Required work | A word-for-word restatement of the listing is the only acceptable answer.

Data section |
(* The row C A^i of P is supported on the first i+2 coordinates, with entry
   c_2 ... c_(i+1) in position i+2, so Pbar is lower Hessenberg.  The sequence
   y_1 = 1, y_2 = 0, y_(k+2) = c_k y_k / c_(k+1) satisfies A (y, 0) = gamma e_(N+1)
   (oddness of N makes y_(N+1) vanish), hence Pbar y = beta e_(N+1).  Multiplying
   by the adjugate gives beta * adj(Pbar)_(k,N+1) = det Pbar * y_k: for k = 1
   this computes det Pbar from a cofactor whose minor is triangular with
   diagonal entries c_2 ... c_(i+1), and for general k it shows that the last
   column of the inverse is proportional to y. *)

Lemma big_nat_double (T : Type) (idx : T) (op : Monoid.law idx) (F : nat -> T) n :
  \big[op/idx]_(1 <= k < n.*2.+1) F k =
  \big[op/idx]_(1 <= i < n.+1) op (F i.*2.-1) (F i.*2).
Proof.
elim: n => [|n IH]; first by rewrite !big_geq.
rewrite doubleS big_nat_recr // big_nat_recr //= IH.
by rewrite [in RHS]big_nat_recr //= Monoid.mulmA.
Qed.

Lemma prod_nat_neq0 (R : idomainType) (F : nat -> R) m n :
  (forall k, (m <= k < n)%N -> F k != 0) -> \prod_(m <= k < n) F k != 0.
Proof.
move=> F_neq0; rewrite prodf_seq_neq0.
by apply/allP => k; rewrite mem_index_iota => /F_neq0.
Qed.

Result |
(* The row C A^i of P is supported on the first i+2 coordinates, with entry
   c_2 ... c_(i+1) in position i+2, so Pbar is lower Hessenberg.  The sequence
   y_1 = 1, y_2 = 0, y_(k+2) = c_k y_k / c_(k+1) satisfies A (y, 0) = gamma e_(N+1)
   (oddness of N makes y_(N+1) vanish), hence Pbar y = beta e_(N+1).  Multiplying
   by the adjugate gives beta * adj(Pbar)_(k,N+1) = det Pbar * y_k: for k = 1
   this computes det Pbar from a cofactor whose minor is triangular with
   diagonal entries c_2 ... c_(i+1), and for general k it shows that the last
   column of the inverse is proportional to y. *)

Lemma big_nat_double (T : Type) (idx : T) (op : Monoid.law idx) (F : nat -> T) n :
  \big[op/idx]_(1 <= k < n.*2.+1) F k =
  \big[op/idx]_(1 <= i < n.+1) op (F i.*2.-1) (F i.*2).
Proof.
elim: n => [|n IH]; first by rewrite !big_geq.
rewrite doubleS big_nat_recr // big_nat_recr //= IH.
by rewrite [in RHS]big_nat_recr //= Monoid.mulmA.
Qed.

Lemma prod_nat_neq0 (R : idomainType) (F : nat -> R) m n :
  (forall k, (m <= k < n)%N -> F k != 0) -> \prod_(m <= k < n) F k != 0.
Proof.
move=> F_neq0; rewrite prodf_seq_neq0.
by apply/allP => k; rewrite mem_index_iota => /F_neq0.
Qed.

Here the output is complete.